> [Records supplied]
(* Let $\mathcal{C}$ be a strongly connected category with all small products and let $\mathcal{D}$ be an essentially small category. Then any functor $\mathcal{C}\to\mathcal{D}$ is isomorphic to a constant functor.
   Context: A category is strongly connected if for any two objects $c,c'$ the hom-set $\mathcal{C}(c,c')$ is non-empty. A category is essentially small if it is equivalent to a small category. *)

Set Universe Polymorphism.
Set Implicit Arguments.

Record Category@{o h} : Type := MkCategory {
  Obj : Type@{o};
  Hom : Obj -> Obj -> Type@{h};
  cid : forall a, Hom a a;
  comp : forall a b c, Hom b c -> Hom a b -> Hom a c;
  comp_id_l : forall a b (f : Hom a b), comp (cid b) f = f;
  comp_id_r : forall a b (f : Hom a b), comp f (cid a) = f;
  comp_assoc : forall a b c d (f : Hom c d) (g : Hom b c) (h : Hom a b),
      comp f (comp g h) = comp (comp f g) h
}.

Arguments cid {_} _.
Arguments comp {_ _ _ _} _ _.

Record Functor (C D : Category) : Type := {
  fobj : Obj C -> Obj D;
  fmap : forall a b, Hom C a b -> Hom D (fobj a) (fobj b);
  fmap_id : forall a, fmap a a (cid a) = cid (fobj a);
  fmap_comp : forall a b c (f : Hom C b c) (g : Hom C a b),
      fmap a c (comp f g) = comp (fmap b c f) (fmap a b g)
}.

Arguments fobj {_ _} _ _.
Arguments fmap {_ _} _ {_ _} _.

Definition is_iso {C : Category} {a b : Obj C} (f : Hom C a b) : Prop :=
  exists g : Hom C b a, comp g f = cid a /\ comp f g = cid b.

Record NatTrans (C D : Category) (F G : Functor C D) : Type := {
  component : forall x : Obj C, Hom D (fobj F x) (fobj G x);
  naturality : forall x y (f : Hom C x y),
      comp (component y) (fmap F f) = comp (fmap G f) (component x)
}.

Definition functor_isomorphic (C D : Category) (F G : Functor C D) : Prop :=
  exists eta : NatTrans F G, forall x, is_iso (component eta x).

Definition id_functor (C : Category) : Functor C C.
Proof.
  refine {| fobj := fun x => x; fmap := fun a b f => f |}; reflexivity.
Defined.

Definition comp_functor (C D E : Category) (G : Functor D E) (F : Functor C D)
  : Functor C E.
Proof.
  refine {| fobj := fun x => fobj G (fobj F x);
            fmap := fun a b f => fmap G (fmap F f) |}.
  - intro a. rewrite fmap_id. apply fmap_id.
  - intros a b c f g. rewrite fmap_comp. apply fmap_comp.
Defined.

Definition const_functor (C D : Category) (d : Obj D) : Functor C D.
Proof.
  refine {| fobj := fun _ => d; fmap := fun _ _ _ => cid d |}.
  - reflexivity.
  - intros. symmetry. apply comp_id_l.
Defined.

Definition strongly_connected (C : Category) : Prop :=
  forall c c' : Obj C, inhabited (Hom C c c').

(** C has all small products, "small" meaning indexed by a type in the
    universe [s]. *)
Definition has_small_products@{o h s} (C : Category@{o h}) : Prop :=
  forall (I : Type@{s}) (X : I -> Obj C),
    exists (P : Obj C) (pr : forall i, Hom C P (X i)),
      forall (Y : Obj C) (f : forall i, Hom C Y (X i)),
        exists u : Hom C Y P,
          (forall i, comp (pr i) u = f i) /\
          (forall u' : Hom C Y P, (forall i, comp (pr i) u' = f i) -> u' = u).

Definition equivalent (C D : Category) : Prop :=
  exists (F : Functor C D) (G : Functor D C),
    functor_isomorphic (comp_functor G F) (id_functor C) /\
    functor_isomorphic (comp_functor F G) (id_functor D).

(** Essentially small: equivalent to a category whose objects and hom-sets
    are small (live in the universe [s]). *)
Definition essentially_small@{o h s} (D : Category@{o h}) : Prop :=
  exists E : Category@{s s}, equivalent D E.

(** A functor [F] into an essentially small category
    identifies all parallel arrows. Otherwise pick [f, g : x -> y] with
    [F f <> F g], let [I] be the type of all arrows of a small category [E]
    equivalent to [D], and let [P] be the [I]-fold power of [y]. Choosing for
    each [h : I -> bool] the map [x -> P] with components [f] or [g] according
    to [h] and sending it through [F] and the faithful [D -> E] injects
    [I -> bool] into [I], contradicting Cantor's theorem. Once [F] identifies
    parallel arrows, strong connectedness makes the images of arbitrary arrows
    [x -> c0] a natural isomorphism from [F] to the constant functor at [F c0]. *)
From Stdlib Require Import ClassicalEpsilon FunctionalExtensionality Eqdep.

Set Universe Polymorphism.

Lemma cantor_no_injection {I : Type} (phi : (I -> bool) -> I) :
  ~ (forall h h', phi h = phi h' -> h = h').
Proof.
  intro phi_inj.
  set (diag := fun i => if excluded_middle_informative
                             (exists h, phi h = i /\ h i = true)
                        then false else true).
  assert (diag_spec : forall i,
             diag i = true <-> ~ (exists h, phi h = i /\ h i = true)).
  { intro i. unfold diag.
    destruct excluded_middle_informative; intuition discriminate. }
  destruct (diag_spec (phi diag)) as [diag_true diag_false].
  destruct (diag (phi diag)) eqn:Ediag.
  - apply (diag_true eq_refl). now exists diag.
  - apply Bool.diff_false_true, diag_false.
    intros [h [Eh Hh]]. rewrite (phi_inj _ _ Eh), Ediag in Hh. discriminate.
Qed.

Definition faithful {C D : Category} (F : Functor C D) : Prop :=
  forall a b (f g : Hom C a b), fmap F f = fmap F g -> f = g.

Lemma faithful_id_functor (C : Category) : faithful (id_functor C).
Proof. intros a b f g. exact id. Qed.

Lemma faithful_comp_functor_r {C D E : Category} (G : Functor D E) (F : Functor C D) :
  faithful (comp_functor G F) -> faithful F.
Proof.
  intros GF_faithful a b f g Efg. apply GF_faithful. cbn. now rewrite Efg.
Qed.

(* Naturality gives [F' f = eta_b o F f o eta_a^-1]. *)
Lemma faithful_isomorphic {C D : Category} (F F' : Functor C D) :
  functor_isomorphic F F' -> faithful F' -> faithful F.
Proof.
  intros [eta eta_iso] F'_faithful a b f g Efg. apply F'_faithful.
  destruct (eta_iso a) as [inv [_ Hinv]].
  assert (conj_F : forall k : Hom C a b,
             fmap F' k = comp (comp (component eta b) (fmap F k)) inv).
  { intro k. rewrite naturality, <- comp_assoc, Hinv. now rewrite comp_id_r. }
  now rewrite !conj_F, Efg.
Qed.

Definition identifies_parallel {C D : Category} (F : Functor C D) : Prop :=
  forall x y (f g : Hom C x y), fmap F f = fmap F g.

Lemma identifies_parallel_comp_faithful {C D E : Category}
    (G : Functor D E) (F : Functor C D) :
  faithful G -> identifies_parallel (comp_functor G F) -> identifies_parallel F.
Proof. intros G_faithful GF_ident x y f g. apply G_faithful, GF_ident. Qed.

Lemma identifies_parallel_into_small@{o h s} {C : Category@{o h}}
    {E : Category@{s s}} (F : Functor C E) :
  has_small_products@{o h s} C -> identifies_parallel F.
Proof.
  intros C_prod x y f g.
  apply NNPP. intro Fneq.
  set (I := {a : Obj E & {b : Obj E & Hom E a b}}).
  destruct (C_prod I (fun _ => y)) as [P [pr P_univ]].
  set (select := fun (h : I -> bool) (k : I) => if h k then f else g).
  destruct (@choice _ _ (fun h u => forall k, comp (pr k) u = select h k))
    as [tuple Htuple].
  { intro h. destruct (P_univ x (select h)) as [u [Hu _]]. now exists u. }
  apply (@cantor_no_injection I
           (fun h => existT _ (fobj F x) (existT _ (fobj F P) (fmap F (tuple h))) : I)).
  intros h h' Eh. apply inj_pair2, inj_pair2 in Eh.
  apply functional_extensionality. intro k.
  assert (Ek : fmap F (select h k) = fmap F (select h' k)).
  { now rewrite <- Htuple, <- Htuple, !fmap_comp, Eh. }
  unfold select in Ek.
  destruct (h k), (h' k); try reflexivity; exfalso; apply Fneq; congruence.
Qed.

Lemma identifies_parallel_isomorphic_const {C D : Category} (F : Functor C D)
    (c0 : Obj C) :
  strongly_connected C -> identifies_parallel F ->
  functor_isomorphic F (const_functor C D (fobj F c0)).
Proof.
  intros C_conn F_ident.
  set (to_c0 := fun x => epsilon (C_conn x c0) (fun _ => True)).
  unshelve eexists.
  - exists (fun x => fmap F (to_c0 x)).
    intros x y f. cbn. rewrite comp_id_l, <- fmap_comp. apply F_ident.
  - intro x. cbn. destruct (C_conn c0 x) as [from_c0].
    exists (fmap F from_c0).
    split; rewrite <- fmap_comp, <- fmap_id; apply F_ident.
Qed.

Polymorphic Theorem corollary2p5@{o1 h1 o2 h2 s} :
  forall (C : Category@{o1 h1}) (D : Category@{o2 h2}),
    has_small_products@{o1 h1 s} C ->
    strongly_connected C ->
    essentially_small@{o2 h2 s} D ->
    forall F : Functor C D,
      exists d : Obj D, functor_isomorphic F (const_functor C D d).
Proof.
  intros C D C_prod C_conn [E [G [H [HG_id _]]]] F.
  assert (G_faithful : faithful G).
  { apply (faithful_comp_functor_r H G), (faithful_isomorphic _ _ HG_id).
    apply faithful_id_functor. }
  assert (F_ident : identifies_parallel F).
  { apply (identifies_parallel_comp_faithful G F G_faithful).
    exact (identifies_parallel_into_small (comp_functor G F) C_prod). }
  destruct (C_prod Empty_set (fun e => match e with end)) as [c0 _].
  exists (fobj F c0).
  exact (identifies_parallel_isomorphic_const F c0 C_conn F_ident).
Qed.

> [What needs to be done] Using the listing above, return word for word each line from the one that has "- intros. symmetry. apply comp_id_l." through the one that has "(I -> bool)", and no line outside that range.

> [Output]
  - intros. symmetry. apply comp_id_l.
Defined.

Definition strongly_connected (C : Category) : Prop :=
  forall c c' : Obj C, inhabited (Hom C c c').

(** C has all small products, "small" meaning indexed by a type in the
    universe [s]. *)
Definition has_small_products@{o h s} (C : Category@{o h}) : Prop :=
  forall (I : Type@{s}) (X : I -> Obj C),
    exists (P : Obj C) (pr : forall i, Hom C P (X i)),
      forall (Y : Obj C) (f : forall i, Hom C Y (X i)),
        exists u : Hom C Y P,
          (forall i, comp (pr i) u = f i) /\
          (forall u' : Hom C Y P, (forall i, comp (pr i) u' = f i) -> u' = u).

Definition equivalent (C D : Category) : Prop :=
  exists (F : Functor C D) (G : Functor D C),
    functor_isomorphic (comp_functor G F) (id_functor C) /\
    functor_isomorphic (comp_functor F G) (id_functor D).

(** Essentially small: equivalent to a category whose objects and hom-sets
    are small (live in the universe [s]). *)
Definition essentially_small@{o h s} (D : Category@{o h}) : Prop :=
  exists E : Category@{s s}, equivalent D E.

(** A functor [F] into an essentially small category
    identifies all parallel arrows. Otherwise pick [f, g : x -> y] with
    [F f <> F g], let [I] be the type of all arrows of a small category [E]
    equivalent to [D], and let [P] be the [I]-fold power of [y]. Choosing for
    each [h : I -> bool] the map [x -> P] with components [f] or [g] according
    to [h] and sending it through [F] and the faithful [D -> E] injects
    [I -> bool] into [I], contradicting Cantor's theorem. Once [F] identifies
    parallel arrows, strong connectedness makes the images of arbitrary arrows
    [x -> c0] a natural isomorphism from [F] to the constant functor at [F c0]. *)
From Stdlib Require Import ClassicalEpsilon FunctionalExtensionality Eqdep.

Set Universe Polymorphism.

Lemma cantor_no_injection {I : Type} (phi : (I -> bool) -> I) :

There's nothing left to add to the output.